### Exercise inputs
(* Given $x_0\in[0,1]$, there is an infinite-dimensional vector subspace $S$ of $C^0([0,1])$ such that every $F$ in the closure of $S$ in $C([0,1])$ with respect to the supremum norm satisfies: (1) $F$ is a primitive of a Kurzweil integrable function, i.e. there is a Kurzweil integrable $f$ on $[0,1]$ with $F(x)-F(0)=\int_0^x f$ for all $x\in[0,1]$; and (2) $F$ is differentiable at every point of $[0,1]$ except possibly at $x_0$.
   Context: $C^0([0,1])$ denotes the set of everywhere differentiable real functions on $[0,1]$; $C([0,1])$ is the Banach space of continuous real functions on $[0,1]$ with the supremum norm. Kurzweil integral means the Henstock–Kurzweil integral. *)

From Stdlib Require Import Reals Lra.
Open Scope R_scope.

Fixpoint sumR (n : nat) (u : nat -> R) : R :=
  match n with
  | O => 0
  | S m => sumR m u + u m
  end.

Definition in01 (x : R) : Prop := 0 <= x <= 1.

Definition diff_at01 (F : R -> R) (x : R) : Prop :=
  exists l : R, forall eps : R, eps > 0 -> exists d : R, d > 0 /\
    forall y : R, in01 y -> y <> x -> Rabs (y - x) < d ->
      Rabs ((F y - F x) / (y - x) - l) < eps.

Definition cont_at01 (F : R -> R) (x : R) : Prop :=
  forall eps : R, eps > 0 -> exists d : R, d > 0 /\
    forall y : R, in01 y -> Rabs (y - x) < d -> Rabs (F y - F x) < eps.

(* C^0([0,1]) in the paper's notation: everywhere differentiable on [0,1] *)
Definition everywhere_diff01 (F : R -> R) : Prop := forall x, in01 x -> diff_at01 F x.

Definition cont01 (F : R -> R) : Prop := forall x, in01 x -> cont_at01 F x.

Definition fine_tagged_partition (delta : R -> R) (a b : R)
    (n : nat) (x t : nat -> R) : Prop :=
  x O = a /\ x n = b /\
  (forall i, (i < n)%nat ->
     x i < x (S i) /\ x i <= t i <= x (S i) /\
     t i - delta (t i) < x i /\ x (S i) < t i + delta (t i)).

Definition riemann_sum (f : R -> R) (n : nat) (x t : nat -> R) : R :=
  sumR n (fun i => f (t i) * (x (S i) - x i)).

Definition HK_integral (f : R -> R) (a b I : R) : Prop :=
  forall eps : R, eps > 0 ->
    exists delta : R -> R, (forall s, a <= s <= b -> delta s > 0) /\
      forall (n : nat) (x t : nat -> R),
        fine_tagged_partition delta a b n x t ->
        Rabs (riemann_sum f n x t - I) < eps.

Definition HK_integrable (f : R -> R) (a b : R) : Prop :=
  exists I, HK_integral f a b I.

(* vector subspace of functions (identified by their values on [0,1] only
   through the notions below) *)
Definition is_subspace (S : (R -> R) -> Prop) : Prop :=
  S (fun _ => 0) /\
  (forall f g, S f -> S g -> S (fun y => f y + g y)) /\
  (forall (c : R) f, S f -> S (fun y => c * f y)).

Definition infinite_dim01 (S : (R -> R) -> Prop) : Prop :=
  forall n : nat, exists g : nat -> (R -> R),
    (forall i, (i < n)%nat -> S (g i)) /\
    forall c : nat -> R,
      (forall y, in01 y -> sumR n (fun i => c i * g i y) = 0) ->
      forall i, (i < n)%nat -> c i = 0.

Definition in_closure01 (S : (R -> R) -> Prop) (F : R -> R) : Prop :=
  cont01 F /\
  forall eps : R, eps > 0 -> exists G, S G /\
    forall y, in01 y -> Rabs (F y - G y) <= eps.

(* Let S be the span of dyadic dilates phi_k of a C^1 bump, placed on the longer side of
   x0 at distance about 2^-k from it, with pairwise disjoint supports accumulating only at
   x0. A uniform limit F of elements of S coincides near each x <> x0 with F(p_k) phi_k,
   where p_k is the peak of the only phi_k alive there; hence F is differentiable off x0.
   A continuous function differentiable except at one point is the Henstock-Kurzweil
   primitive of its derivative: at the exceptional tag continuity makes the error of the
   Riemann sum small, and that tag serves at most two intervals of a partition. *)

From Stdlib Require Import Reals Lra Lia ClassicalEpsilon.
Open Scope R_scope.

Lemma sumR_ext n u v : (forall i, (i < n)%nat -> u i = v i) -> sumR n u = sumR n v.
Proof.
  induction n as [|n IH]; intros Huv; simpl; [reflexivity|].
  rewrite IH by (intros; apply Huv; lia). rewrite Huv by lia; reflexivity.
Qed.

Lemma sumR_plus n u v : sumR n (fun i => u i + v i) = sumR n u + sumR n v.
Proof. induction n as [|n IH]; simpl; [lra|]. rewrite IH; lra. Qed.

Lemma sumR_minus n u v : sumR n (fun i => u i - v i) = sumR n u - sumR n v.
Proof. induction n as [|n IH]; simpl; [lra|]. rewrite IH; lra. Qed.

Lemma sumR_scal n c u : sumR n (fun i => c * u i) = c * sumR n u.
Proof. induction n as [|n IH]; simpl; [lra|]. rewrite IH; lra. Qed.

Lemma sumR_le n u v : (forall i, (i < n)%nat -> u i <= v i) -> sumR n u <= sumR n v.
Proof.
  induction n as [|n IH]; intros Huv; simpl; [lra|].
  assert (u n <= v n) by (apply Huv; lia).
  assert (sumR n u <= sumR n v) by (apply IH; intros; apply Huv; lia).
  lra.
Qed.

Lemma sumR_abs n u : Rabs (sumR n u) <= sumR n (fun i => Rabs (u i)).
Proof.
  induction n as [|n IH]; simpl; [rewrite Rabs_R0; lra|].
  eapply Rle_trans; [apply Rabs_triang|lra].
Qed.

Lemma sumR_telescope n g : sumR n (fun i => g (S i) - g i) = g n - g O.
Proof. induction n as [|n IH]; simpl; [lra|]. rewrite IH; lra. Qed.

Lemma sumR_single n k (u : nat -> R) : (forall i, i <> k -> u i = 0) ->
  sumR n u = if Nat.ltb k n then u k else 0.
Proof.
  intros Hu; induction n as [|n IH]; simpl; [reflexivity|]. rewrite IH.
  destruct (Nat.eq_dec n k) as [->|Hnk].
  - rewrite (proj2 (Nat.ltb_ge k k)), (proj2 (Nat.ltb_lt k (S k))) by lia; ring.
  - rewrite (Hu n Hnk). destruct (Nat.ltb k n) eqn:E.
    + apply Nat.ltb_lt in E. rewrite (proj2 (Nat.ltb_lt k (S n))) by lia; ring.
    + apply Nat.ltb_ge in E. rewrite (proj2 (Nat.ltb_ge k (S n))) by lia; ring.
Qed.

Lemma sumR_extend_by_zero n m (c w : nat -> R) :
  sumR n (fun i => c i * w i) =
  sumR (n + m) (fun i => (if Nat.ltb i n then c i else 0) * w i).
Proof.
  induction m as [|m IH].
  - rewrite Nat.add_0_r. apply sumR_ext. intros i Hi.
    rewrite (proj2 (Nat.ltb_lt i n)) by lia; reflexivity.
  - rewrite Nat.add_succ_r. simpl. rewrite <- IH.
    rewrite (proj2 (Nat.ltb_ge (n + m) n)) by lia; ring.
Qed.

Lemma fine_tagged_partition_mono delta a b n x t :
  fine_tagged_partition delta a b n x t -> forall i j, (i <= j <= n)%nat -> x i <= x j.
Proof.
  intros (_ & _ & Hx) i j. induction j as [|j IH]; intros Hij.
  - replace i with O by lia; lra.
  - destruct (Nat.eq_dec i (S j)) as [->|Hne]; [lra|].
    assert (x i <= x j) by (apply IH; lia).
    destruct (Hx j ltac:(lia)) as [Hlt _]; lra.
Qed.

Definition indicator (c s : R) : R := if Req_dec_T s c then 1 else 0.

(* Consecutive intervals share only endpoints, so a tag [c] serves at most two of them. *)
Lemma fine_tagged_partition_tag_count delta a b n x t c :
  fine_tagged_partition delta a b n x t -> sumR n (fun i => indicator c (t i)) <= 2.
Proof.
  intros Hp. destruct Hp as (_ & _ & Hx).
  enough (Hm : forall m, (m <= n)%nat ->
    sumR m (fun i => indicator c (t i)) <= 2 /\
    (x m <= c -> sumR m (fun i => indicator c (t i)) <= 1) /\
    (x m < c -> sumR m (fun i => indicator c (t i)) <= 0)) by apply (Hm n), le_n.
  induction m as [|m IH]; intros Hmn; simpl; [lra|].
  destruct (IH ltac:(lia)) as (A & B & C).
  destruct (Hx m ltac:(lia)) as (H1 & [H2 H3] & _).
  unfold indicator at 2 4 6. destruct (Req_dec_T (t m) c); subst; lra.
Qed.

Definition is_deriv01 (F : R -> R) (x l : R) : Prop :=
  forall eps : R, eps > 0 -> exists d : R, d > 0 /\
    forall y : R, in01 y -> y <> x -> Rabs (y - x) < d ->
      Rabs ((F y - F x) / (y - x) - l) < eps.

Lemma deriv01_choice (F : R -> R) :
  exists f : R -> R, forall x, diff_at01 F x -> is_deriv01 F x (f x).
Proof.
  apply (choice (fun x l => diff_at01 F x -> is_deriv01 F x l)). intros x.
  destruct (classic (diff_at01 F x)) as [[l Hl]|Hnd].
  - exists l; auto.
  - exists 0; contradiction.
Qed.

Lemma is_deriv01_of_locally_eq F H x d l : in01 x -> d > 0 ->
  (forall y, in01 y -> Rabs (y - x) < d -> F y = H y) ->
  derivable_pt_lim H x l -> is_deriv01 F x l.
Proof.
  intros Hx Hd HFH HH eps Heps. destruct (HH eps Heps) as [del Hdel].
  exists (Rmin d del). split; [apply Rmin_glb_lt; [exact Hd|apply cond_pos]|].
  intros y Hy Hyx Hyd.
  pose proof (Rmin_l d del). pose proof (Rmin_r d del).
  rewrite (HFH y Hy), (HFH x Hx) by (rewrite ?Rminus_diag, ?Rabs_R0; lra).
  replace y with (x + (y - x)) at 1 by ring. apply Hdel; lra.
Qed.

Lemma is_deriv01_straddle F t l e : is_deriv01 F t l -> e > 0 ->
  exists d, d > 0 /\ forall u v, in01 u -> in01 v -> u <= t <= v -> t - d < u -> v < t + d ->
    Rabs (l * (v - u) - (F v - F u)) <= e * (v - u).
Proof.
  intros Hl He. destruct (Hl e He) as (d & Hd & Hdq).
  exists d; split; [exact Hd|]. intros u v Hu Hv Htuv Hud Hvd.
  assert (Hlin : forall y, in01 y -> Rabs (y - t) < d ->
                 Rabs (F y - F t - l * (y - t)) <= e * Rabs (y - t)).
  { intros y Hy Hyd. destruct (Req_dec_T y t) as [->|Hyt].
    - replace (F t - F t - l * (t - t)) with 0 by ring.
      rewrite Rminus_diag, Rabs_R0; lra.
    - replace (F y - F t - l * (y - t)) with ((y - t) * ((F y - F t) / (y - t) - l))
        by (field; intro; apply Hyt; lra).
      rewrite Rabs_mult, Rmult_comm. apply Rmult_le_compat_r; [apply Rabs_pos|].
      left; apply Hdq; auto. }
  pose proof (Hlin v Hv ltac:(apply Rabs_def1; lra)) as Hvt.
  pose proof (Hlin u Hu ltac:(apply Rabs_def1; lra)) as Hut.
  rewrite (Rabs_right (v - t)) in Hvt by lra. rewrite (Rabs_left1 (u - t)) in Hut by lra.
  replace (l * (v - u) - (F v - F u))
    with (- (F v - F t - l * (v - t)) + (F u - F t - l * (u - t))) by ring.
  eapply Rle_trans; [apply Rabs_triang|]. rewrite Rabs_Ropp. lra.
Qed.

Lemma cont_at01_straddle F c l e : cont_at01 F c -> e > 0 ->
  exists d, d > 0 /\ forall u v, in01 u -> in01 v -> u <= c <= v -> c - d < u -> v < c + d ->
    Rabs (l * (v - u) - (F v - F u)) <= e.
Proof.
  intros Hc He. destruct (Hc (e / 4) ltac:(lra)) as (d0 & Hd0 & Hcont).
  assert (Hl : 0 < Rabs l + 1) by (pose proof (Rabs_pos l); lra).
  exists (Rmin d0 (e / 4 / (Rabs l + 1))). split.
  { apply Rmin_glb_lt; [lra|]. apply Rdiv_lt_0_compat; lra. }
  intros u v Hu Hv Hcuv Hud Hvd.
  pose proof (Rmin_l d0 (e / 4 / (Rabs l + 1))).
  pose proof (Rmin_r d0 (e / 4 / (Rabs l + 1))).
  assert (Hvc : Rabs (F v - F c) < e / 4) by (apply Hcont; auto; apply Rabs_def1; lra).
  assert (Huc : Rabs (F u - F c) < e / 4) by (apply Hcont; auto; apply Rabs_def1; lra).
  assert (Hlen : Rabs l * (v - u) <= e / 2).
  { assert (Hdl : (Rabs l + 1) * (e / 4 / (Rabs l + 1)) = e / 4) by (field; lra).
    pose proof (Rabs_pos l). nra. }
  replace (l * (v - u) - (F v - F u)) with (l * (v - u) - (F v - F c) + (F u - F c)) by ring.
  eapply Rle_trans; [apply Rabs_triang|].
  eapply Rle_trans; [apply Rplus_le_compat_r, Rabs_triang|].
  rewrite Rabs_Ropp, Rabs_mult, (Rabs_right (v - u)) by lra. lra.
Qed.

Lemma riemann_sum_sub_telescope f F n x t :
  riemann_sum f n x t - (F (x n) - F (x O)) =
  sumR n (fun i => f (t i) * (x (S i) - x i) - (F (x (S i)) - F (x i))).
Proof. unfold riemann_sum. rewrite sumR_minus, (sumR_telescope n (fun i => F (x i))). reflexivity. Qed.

### Task brief
When a line in the listing has the word "indicator", return that line.

### Reply to the task
Definition indicator (c s : R) : R := if Req_dec_T s c then 1 else 0.
  fine_tagged_partition delta a b n x t -> sumR n (fun i => indicator c (t i)) <= 2.
    sumR m (fun i => indicator c (t i)) <= 2 /\
    (x m <= c -> sumR m (fun i => indicator c (t i)) <= 1) /\
    (x m < c -> sumR m (fun i => indicator c (t i)) <= 0)) by apply (Hm n), le_n.
  unfold indicator at 2 4 6. destruct (Req_dec_T (t m) c); subst; lra.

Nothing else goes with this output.